But for now, probably the most valuable thing that devops brings to those of us who don't work in online Web shops isn't tools or practices. It’s that devops is creating new reasons and more opportunities for dev and Ops and management to engage with each other, as they try to figure out what this devops thing is and whether and how it makes sense in our organizations.

To get developers, managers and Ops together talking about configuration management and how to improve release and deployment and run-time alerting and application monitoring and run-time health checks and how developers and Ops can learn from failures together. Getting developers and Ops thinking about these problems and trying to solve them together, in collaborative and constructive ways that ITIL certainly never did. Spending more time on problem solving and less time on expensive bureaucracy and buck passing. That’s gotta be a good thing.

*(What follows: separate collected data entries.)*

(* MLL proof structure: every link is well typed; distinct conclusion slots
   are distinct occurrences (so each occurrence is the conclusion of exactly
   one link); distinct premise slots are distinct occurrences (so each
   occurrence is a premise of at most one link); every premise is the
   conclusion of some (necessarily other) link. *)
Definition is_pstruct (Th : pstruct) : Prop :=
  (forall i, i < size (ps_links Th) ->
      link_typed (ps_form Th) (nth dflt_link (ps_links Th) i))
  /\ uniq (occs (ps_links Th))
  /\ uniq (prems (ps_links Th))
  /\ {subset prems (ps_links Th) <= occs (ps_links Th)}.

(* The extreme-left DR-graph S_{forall l}(Theta) and the tree property. *)
Definition dr_edges (ls : seq link) : seq (nat * nat) :=
  flatten [seq match L with
               | IdL a b => [:: (a, b)]
               | TensL l r c => [:: (c, l); (c, r)]
               | ParL l _ c => [:: (c, l)]
               end | L <- ls].

Definition adj_of (E : seq (nat * nat)) : rel nat :=
  fun x y => has (fun e => (e == (x, y)) || (e == (y, x))) E.

Definition is_tree (V : seq nat) (E : seq (nat * nat)) : Prop :=
  0 < size V /\
  size E = (size V).-1 /\
  (forall x y, x \in V -> y \in V ->
     exists p : seq nat, path (adj_of E) x p /\ last x p = y).

Definition S_is_tree (Th : pstruct) : Prop :=
  is_tree (occs (ps_links Th)) (dr_edges (ps_links Th)).

(* Symbols: (false, j) = l_L and (true, j) = r_L for the par-link L of index j.
   Endpoints of edges: (node id, port) with port None for a labeled node,
   Some true = the port "above" and Some false = the port "below" of a
   par-node. *)
Definition sym := (bool * nat)%type.
Definition endpoint := (nat * option bool)%type.

Record detree := DT {
  labs   : seq (nat * seq sym);
  pnodes : seq (nat * nat);          (* par-nodes: id and par-link index *)
  tedges : seq (endpoint * endpoint) (* undirected edges *)
}.

Section Translation.
Variable ls : seq link.

Definition idx_opt (P : pred link) : option nat :=
  let j := find P ls in if j < size ls then Some j else None.

Definition parleft (x : nat) : option nat :=
  idx_opt (fun L => if L is ParL l _ _ then l == x else false).
Definition parright (x : nat) : option nat :=
  idx_opt (fun L => if L is ParL _ r _ then r == x else false).
Definition tensprem (x : nat) : option nat :=
  idx_opt (fun L => if L is TensL l r _ then (l == x) || (r == x) else false).
Definition is_parprem (x : nat) : bool := (parleft x != None) || (parright x != None).
Definition is_concl (x : nat) : bool := x \notin prems ls.
Definition producer (x : nat) : nat := find (fun L => x \in conclusions L) ls.

Definition lab_of (x : nat) : seq sym :=
  match parleft x with
  | Some j => [:: (false, j)]
  | None => match parright x with Some j => [:: (true, j)] | None => [::] end
  end.

Definition id_case1 (a b : nat) : bool :=
  [|| parright a != None, is_concl a, parright b != None | is_concl b].
Definition id_F (a b : nat) : nat :=
  if (parright a != None) || is_concl a then a else b.
Definition id_Fbot (a b : nat) : nat :=
  if (parright a != None) || is_concl a then b else a.

Definition id_ok (L : link) : bool :=
  if L is IdL a b then
    (if id_case1 a b then ~~ is_parprem (id_Fbot a b)
     else ~~ (is_parprem a && is_parprem b))
  else true.

Definition id_label (a b : nat) : seq sym :=
  if id_case1 a b then lab_of (id_F a b) else lab_of a ++ lab_of b.

(* node ids: link i gives node 2i (labeled node for ID/tensor-links, the
   par-node n_L for par-links); par-link i may give an extra labeled node 2i+1 *)
Definition node_labs (i : nat) (L : link) : seq (nat * seq sym) :=
  match L with
  | IdL a b => [:: (i.*2, id_label a b)]
  | TensL _ _ c => [:: (i.*2, lab_of c)]
  | ParL _ _ c =>
      if (parleft c != None) || (parright c != None)
      then [:: (i.*2.+1, lab_of c)] else [::]
  end.

Definition build_labs : seq (nat * seq sym) :=
  flatten [seq node_labs i (nth dflt_link ls i) | i <- iota 0 (size ls)].

Definition build_pnodes : seq (nat * nat) :=
  flatten [seq (if nth dflt_link ls i is ParL _ _ _ then [:: (i.*2, i)] else [::])
          | i <- iota 0 (size ls)].

(* edge created by the occurrence x when x is a premise of a tensor-link or
   the left premise of a par-link: it joins the piece producing x and the
   piece consuming x *)
Definition consumer_ep (x : nat) : option endpoint :=
  match tensprem x with
  | Some j => Some (j.*2, None)
  | None => match parleft x with Some j => Some (j.*2, Some true) | None => None end
  end.

Definition producer_ep (x : nat) : endpoint :=
  let k := producer x in
  match nth dflt_link ls k with
  | ParL _ _ _ => if parleft x != None then (k.*2.+1, None) else (k.*2, Some false)
  | _ => (k.*2, None)
  end.

Definition occ_edges : seq (endpoint * endpoint) :=
  pmap (fun x => match consumer_ep x with
                 | Some ce => Some (producer_ep x, ce)
                 | None => None end) (occs ls).

Definition par_edges : seq (endpoint * endpoint) :=
  flatten [seq (match nth dflt_link ls i with
                | ParL _ _ c =>
                    if (parleft c != None) || (parright c != None)
                    then [:: ((i.*2, Some false), (i.*2.+1, None))] else [::]
                | _ => [::] end)
          | i <- iota 0 (size ls)].

(* the translation, with the S-tree condition checked separately *)
Definition Tbuild : option detree :=
  match ls with
  | [:: IdL _ _] => Some (DT [:: (0, [::])] [::] [::])
  | _ => if all id_ok ls
         then Some (DT build_labs build_pnodes (occ_edges ++ par_edges))
         else None
  end.

End Translation.

Definition T_is (Th : pstruct) (t : detree) : Prop :=
  S_is_tree Th /\ Tbuild (ps_links Th) = Some t.

Definition lab_lookup (t : detree) (n : nat) : option (seq sym) :=
  let i := find (fun p => p.1 == n) (labs t) in
  if i < size (labs t) then Some (nth (0, [::]) (labs t) i).2 else None.

Definition par_lookup (t : detree) (m : nat) : option nat :=
  let i := find (fun p => p.1 == m) (pnodes t) in
  if i < size (pnodes t) then Some (nth (0, 0) (pnodes t) i).2 else None.

Definition joins (e : endpoint * endpoint) (u v : endpoint) : bool :=
  (e == (u, v)) || (e == (v, u)).
Definition has_edge (t : detree) (u v : endpoint) : bool :=
  has (fun e => joins e u v) (tedges t).
Definition incident (u : endpoint) (e : endpoint * endpoint) : bool :=
  (e.1 == u) || (e.2 == u).
Definition rename_ep (old new p : endpoint) : endpoint := if p == old then new else p.
Definition rename_edge (old new : endpoint) (e : endpoint * endpoint) :=
  (rename_ep old new e.1, rename_ep old new e.2).

(* states of Algorithm A: before step (1); running with current tree, active
   labeled node and list of par-nodes on which local jump was applied;
   halted (an output has been produced) *)
Inductive state :=
  | Start
  | Run of detree & nat & seq nat
  | Halted.

Inductive stepA (Th : pstruct) : state -> state -> Prop :=
  | st_undef :
      ~ (exists t, T_is Th t) -> stepA Th Start Halted
  | st_init t n :
      T_is Th t -> n \in map fst (labs t) -> stepA Th Start (Run t n [::])
  | st_parelim t n J S m L :
      lab_lookup t n = Some S -> par_lookup t m = Some L ->
      has_edge t (n, None) (m, Some true) ->
      (false, L) \in S -> (true, L) \in S ->
      stepA Th (Run t n J)
        (Run (DT (labs t)
                 [seq p <- pnodes t | p.1 != m]
                 [seq rename_edge (m, Some false) (n, None) e
                 | e <- tedges t & ~~ incident (m, Some true) e])
             n J)
  | st_union t n J S k Sk :
      k != n -> lab_lookup t n = Some S -> lab_lookup t k = Some Sk ->
      has_edge t (n, None) (k, None) ->
      stepA Th (Run t n J)
        (Run (DT [seq (if p.1 == n then (n, S ++ Sk) else p)
                 | p <- labs t & p.1 != k]
                 (pnodes t)
                 [seq rename_edge (k, None) (n, None) e
                 | e <- tedges t & ~~ joins e (n, None) (k, None)])
             n J)
  | st_jump t n J S m L k Sk :
      lab_lookup t n = Some S -> par_lookup t m = Some L ->
      has_edge t (n, None) (m, Some false) ->
      lab_lookup t k = Some Sk -> (true, L) \in Sk ->
      m \notin J ->
      stepA Th (Run t n J) (Run t k (m :: J))
  (* (4) local jump applied again to the same par-node: output no *)
  | st_jump_again t n J S m L k Sk :
      lab_lookup t n = Some S -> par_lookup t m = Some L ->
      has_edge t (n, None) (m, Some false) ->
      lab_lookup t k = Some Sk -> (true, L) \in Sk ->
      m \in J ->
      stepA Th (Run t n J) Halted.

(* Each rewriting rule makes the tree smaller or uses up a par-node:
   par-elimination deletes a par-node, union deletes a labeled node, and
   local jump marks a par-node, which by step (4) can happen only once per
   par-node. Hence the number of labeled nodes, plus the number of par-nodes,
   plus the number of unmarked par-nodes, decreases at every step after the
   initial one. *)
From mathcomp Require Import all_boot.

Set Implicit Arguments.
Unset Strict Implicit.
Unset Printing Implicit Defensive.

Lemma count_sub_ltn (T : Type) (a b : pred T) (s : seq T) :
  subpred a b -> has (predD b a) s -> count a s < count b s.
Proof.
move=> sab; elim: s => //= x s IHs /orP [/andP [/negbTE -> bx] | hs].
  by rewrite bx add1n ltnS sub_count.
have [ax | _] := boolP (a x); first by rewrite (sab _ ax) ltn_add2l IHs.
by rewrite add0n (leq_trans (IHs hs)) ?leq_addl.
Qed.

Thursday, October 17, 2013

Programming: Thinking or Typing, Thinking and Typing

“If you don’t think carefully, you might think that programming is just typing statements in a programming language.”
Ward Cunningham, in the Forward to The Pragmatic Programmer
Software development – design, solving problems, coming up with optimal new algorithms, learning a new language, refactoring messy code into something tight and elegant – requires hard thinking.

When you’re trying to do something that you've never done before – or nobody has ever done before. Or when you've done it before but you sure as hell aren't going to make the same mistakes again and you need time to think your way to a better way. Or when you’re trying to understand code that somebody else wrote so you can change it, or when you’re hunting down an ugly bug. All of this can take a lot of time, but in the end you won’t have a lot of code to show for it.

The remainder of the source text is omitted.